(Collected data)
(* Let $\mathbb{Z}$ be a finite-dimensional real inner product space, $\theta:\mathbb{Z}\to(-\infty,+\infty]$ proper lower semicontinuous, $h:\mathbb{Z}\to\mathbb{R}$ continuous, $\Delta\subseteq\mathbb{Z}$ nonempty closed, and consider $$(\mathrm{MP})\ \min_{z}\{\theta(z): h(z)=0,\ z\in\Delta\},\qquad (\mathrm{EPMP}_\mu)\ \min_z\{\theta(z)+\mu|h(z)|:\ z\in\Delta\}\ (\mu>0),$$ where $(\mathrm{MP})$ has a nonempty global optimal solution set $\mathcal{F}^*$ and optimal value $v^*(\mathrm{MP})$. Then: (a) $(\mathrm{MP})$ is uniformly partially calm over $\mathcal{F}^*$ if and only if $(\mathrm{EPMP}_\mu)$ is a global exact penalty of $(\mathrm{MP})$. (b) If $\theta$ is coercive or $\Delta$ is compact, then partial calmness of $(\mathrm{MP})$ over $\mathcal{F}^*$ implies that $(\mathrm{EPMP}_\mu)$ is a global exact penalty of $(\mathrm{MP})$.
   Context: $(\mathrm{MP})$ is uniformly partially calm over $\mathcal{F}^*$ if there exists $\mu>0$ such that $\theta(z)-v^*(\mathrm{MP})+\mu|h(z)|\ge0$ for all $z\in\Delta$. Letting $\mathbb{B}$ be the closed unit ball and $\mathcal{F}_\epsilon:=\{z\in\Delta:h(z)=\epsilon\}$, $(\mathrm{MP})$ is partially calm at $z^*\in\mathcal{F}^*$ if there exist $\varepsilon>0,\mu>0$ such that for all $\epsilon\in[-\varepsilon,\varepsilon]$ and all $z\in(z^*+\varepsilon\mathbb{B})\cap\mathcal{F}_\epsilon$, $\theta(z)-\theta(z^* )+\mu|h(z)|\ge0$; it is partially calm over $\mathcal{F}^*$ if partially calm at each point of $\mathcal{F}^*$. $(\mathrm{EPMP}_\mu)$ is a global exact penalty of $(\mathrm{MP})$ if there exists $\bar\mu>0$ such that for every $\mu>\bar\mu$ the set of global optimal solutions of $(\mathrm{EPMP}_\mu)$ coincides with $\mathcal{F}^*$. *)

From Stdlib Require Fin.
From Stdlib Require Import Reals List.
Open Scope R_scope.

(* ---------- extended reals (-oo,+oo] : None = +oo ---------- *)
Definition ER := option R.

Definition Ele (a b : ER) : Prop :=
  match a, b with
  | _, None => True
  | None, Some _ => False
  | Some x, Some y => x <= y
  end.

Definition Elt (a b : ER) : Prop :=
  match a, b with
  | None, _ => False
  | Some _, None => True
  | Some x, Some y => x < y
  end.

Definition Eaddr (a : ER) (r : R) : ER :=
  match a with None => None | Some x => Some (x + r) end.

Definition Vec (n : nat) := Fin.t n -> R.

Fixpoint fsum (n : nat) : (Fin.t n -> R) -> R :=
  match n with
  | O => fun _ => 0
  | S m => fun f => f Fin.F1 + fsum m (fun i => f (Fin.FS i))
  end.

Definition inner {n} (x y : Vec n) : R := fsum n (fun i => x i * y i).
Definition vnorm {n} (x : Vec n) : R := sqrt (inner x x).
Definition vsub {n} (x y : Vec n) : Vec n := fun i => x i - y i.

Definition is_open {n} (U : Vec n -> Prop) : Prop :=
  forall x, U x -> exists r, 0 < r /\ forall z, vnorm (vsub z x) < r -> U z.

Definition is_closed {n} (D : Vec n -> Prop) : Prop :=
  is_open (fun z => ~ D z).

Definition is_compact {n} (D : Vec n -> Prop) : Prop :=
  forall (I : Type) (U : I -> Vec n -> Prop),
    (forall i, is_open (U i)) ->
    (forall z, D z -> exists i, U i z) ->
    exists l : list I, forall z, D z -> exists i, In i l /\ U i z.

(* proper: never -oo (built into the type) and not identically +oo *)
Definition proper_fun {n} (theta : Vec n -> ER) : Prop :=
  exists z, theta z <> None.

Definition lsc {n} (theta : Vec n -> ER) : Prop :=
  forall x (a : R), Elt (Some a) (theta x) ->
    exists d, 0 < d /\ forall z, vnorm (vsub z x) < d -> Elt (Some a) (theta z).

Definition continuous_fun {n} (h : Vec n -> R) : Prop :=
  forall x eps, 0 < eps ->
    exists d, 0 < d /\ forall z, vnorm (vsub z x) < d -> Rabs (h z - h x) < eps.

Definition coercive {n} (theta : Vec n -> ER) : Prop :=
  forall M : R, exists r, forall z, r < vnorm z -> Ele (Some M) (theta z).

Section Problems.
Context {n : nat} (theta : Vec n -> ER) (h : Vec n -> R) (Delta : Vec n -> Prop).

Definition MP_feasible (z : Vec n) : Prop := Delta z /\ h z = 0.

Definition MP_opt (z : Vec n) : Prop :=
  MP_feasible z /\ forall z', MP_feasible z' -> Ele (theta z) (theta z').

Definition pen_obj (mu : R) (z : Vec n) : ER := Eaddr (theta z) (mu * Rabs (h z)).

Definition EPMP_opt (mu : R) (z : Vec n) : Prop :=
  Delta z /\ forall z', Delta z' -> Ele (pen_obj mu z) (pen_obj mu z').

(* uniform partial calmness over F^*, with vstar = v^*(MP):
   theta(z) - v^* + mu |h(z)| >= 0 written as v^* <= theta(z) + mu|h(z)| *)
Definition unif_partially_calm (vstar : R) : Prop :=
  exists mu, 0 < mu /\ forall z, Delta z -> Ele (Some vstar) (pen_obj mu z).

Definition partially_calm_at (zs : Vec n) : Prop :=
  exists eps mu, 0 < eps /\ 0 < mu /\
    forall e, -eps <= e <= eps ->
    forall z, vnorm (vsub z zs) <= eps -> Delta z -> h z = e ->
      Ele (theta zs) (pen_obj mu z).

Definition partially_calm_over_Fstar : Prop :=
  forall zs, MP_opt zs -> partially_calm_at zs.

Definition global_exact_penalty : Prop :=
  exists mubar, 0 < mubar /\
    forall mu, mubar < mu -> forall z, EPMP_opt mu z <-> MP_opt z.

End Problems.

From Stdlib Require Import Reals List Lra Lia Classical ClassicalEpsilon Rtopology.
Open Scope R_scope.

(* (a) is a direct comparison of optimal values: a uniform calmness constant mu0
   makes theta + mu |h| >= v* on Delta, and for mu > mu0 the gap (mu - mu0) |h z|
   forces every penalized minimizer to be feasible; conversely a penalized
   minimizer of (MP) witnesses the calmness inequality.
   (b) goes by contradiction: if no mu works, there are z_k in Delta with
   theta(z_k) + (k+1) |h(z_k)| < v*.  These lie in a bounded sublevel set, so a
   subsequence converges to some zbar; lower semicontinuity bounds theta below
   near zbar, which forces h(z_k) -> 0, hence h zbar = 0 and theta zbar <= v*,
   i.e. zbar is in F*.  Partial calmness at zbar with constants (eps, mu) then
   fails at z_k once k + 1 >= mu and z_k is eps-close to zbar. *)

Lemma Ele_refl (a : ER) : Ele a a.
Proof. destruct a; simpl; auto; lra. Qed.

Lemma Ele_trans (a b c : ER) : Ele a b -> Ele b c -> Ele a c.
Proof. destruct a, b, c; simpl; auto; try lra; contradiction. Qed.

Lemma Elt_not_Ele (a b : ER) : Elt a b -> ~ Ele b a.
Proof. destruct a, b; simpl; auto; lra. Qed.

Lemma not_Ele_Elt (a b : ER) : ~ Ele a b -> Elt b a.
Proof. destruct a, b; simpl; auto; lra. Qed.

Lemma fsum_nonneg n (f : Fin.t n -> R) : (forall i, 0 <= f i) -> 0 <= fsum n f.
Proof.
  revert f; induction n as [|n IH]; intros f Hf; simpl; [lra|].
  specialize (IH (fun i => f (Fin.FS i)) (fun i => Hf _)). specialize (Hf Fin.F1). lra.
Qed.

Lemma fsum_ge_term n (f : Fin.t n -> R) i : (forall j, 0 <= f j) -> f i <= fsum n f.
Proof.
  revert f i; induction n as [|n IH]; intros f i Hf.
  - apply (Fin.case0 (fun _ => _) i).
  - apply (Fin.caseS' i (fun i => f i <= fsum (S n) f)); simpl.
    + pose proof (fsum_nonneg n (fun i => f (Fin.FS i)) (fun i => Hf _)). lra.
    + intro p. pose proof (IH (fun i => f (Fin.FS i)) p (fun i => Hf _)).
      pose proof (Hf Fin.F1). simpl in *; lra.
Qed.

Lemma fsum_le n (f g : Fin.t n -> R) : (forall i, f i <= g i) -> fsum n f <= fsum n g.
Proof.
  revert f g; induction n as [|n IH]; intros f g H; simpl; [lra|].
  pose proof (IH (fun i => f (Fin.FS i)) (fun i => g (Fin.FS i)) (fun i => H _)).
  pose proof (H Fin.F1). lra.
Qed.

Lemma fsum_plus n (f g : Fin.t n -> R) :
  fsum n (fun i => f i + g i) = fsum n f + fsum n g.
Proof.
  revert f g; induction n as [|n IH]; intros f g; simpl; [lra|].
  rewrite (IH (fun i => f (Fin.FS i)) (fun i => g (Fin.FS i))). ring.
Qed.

• Requirement: Retype exactly, and only, the lines above from the one where "From Stdlib Require Fin." occurs up to and including the one where "Definition Eaddr (a" occurs.

• Solution:
From Stdlib Require Fin.
From Stdlib Require Import Reals List.
Open Scope R_scope.

(* ---------- extended reals (-oo,+oo] : None = +oo ---------- *)
Definition ER := option R.

Definition Ele (a b : ER) : Prop :=
  match a, b with
  | _, None => True
  | None, Some _ => False
  | Some x, Some y => x <= y
  end.

Definition Elt (a b : ER) : Prop :=
  match a, b with
  | None, _ => False
  | Some _, None => True
  | Some x, Some y => x < y
  end.

Definition Eaddr (a : ER) (r : R) : ER :=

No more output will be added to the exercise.